Please reproduce the following records exactly as they appear.
------ Exercise input
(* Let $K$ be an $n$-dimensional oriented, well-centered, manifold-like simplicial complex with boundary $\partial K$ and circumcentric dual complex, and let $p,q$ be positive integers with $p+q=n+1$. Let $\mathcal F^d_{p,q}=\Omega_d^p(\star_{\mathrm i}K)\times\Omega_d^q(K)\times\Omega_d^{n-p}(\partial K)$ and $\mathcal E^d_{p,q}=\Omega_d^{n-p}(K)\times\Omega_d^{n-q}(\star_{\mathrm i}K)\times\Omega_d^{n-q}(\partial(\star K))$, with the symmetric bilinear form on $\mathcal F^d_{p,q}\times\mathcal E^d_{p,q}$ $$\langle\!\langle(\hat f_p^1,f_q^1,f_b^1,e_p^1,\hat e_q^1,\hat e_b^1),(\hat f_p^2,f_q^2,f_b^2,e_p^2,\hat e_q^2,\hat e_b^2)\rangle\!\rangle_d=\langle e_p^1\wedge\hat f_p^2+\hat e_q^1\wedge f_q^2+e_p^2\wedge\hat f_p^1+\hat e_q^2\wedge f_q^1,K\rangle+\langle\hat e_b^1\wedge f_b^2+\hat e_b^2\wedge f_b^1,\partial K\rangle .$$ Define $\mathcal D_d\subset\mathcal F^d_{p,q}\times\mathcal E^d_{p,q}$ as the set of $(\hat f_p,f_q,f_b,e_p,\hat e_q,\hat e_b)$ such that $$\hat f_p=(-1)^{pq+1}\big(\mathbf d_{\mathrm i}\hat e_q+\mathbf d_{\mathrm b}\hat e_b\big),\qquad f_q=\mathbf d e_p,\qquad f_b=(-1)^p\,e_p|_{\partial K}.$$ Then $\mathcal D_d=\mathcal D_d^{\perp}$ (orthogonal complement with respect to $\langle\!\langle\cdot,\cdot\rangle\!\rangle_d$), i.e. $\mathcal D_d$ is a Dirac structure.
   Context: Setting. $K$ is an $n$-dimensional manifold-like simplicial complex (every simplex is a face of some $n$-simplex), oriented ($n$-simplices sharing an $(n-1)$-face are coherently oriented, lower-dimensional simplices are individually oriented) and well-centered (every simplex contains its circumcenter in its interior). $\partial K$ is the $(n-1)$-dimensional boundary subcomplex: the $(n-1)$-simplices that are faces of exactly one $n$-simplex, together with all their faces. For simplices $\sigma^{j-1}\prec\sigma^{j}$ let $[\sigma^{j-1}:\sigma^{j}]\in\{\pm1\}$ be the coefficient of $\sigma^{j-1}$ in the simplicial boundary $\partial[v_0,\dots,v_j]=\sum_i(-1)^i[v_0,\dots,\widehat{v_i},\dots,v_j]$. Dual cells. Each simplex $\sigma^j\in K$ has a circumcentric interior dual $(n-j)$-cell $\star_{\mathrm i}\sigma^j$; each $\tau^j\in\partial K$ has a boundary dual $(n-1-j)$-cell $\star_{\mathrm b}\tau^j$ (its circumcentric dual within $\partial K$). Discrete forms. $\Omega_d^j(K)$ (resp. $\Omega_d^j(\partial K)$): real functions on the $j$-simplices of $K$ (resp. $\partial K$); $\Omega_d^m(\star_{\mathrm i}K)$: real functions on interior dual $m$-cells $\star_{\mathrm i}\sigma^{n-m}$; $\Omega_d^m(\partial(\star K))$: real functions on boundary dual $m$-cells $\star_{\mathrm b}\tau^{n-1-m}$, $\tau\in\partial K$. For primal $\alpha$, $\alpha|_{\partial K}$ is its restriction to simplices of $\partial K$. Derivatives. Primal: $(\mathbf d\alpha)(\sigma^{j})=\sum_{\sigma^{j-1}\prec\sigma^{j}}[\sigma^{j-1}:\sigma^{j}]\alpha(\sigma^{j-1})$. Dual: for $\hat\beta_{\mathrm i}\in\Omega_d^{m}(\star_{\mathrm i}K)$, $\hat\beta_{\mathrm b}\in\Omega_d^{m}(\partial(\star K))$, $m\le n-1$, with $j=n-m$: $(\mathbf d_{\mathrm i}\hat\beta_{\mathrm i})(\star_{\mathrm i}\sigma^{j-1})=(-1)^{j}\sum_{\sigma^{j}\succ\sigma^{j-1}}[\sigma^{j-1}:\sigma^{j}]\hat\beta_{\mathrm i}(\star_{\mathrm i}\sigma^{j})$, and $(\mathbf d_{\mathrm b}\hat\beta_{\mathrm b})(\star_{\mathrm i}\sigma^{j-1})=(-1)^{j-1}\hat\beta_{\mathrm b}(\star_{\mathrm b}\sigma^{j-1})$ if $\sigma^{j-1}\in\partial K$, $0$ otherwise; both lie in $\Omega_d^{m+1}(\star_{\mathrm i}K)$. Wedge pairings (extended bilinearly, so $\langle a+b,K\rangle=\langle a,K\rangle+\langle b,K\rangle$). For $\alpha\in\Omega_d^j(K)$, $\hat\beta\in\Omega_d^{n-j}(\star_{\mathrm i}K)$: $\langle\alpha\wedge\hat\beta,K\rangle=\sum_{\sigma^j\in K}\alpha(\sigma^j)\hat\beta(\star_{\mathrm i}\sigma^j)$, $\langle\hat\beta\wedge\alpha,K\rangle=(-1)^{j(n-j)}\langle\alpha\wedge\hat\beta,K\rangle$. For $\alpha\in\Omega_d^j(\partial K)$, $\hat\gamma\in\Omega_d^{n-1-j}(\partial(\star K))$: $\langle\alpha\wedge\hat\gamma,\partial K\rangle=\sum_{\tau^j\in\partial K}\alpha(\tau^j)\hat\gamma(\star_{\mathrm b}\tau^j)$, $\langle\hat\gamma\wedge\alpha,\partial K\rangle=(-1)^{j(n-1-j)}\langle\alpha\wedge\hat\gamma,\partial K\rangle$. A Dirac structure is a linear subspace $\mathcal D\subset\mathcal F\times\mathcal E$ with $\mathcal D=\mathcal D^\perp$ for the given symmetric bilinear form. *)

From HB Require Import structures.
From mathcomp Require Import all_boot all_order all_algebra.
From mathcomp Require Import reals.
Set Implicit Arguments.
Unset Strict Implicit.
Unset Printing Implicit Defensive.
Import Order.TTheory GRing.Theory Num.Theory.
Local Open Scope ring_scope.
------------
→ **Result of the task**
(* Let $K$ be an $n$-dimensional oriented, well-centered, manifold-like simplicial complex with boundary $\partial K$ and circumcentric dual complex, and let $p,q$ be positive integers with $p+q=n+1$. Let $\mathcal F^d_{p,q}=\Omega_d^p(\star_{\mathrm i}K)\times\Omega_d^q(K)\times\Omega_d^{n-p}(\partial K)$ and $\mathcal E^d_{p,q}=\Omega_d^{n-p}(K)\times\Omega_d^{n-q}(\star_{\mathrm i}K)\times\Omega_d^{n-q}(\partial(\star K))$, with the symmetric bilinear form on $\mathcal F^d_{p,q}\times\mathcal E^d_{p,q}$ $$\langle\!\langle(\hat f_p^1,f_q^1,f_b^1,e_p^1,\hat e_q^1,\hat e_b^1),(\hat f_p^2,f_q^2,f_b^2,e_p^2,\hat e_q^2,\hat e_b^2)\rangle\!\rangle_d=\langle e_p^1\wedge\hat f_p^2+\hat e_q^1\wedge f_q^2+e_p^2\wedge\hat f_p^1+\hat e_q^2\wedge f_q^1,K\rangle+\langle\hat e_b^1\wedge f_b^2+\hat e_b^2\wedge f_b^1,\partial K\rangle .$$ Define $\mathcal D_d\subset\mathcal F^d_{p,q}\times\mathcal E^d_{p,q}$ as the set of $(\hat f_p,f_q,f_b,e_p,\hat e_q,\hat e_b)$ such that $$\hat f_p=(-1)^{pq+1}\big(\mathbf d_{\mathrm i}\hat e_q+\mathbf d_{\mathrm b}\hat e_b\big),\qquad f_q=\mathbf d e_p,\qquad f_b=(-1)^p\,e_p|_{\partial K}.$$ Then $\mathcal D_d=\mathcal D_d^{\perp}$ (orthogonal complement with respect to $\langle\!\langle\cdot,\cdot\rangle\!\rangle_d$), i.e. $\mathcal D_d$ is a Dirac structure.
   Context: Setting. $K$ is an $n$-dimensional manifold-like simplicial complex (every simplex is a face of some $n$-simplex), oriented ($n$-simplices sharing an $(n-1)$-face are coherently oriented, lower-dimensional simplices are individually oriented) and well-centered (every simplex contains its circumcenter in its interior). $\partial K$ is the $(n-1)$-dimensional boundary subcomplex: the $(n-1)$-simplices that are faces of exactly one $n$-simplex, together with all their faces. For simplices $\sigma^{j-1}\prec\sigma^{j}$ let $[\sigma^{j-1}:\sigma^{j}]\in\{\pm1\}$ be the coefficient of $\sigma^{j-1}$ in the simplicial boundary $\partial[v_0,\dots,v_j]=\sum_i(-1)^i[v_0,\dots,\widehat{v_i},\dots,v_j]$. Dual cells. Each simplex $\sigma^j\in K$ has a circumcentric interior dual $(n-j)$-cell $\star_{\mathrm i}\sigma^j$; each $\tau^j\in\partial K$ has a boundary dual $(n-1-j)$-cell $\star_{\mathrm b}\tau^j$ (its circumcentric dual within $\partial K$). Discrete forms. $\Omega_d^j(K)$ (resp. $\Omega_d^j(\partial K)$): real functions on the $j$-simplices of $K$ (resp. $\partial K$); $\Omega_d^m(\star_{\mathrm i}K)$: real functions on interior dual $m$-cells $\star_{\mathrm i}\sigma^{n-m}$; $\Omega_d^m(\partial(\star K))$: real functions on boundary dual $m$-cells $\star_{\mathrm b}\tau^{n-1-m}$, $\tau\in\partial K$. For primal $\alpha$, $\alpha|_{\partial K}$ is its restriction to simplices of $\partial K$. Derivatives. Primal: $(\mathbf d\alpha)(\sigma^{j})=\sum_{\sigma^{j-1}\prec\sigma^{j}}[\sigma^{j-1}:\sigma^{j}]\alpha(\sigma^{j-1})$. Dual: for $\hat\beta_{\mathrm i}\in\Omega_d^{m}(\star_{\mathrm i}K)$, $\hat\beta_{\mathrm b}\in\Omega_d^{m}(\partial(\star K))$, $m\le n-1$, with $j=n-m$: $(\mathbf d_{\mathrm i}\hat\beta_{\mathrm i})(\star_{\mathrm i}\sigma^{j-1})=(-1)^{j}\sum_{\sigma^{j}\succ\sigma^{j-1}}[\sigma^{j-1}:\sigma^{j}]\hat\beta_{\mathrm i}(\star_{\mathrm i}\sigma^{j})$, and $(\mathbf d_{\mathrm b}\hat\beta_{\mathrm b})(\star_{\mathrm i}\sigma^{j-1})=(-1)^{j-1}\hat\beta_{\mathrm b}(\star_{\mathrm b}\sigma^{j-1})$ if $\sigma^{j-1}\in\partial K$, $0$ otherwise; both lie in $\Omega_d^{m+1}(\star_{\mathrm i}K)$. Wedge pairings (extended bilinearly, so $\langle a+b,K\rangle=\langle a,K\rangle+\langle b,K\rangle$). For $\alpha\in\Omega_d^j(K)$, $\hat\beta\in\Omega_d^{n-j}(\star_{\mathrm i}K)$: $\langle\alpha\wedge\hat\beta,K\rangle=\sum_{\sigma^j\in K}\alpha(\sigma^j)\hat\beta(\star_{\mathrm i}\sigma^j)$, $\langle\hat\beta\wedge\alpha,K\rangle=(-1)^{j(n-j)}\langle\alpha\wedge\hat\beta,K\rangle$. For $\alpha\in\Omega_d^j(\partial K)$, $\hat\gamma\in\Omega_d^{n-1-j}(\partial(\star K))$: $\langle\alpha\wedge\hat\gamma,\partial K\rangle=\sum_{\tau^j\in\partial K}\alpha(\tau^j)\hat\gamma(\star_{\mathrm b}\tau^j)$, $\langle\hat\gamma\wedge\alpha,\partial K\rangle=(-1)^{j(n-1-j)}\langle\alpha\wedge\hat\gamma,\partial K\rangle$. A Dirac structure is a linear subspace $\mathcal D\subset\mathcal F\times\mathcal E$ with $\mathcal D=\mathcal D^\perp$ for the given symmetric bilinear form. *)

From HB Require Import structures.
From mathcomp Require Import all_boot all_order all_algebra.
From mathcomp Require Import reals.
Set Implicit Arguments.
Unset Strict Implicit.
Unset Printing Implicit Defensive.
Import Order.TTheory GRing.Theory Num.Theory.
Local Open Scope ring_scope.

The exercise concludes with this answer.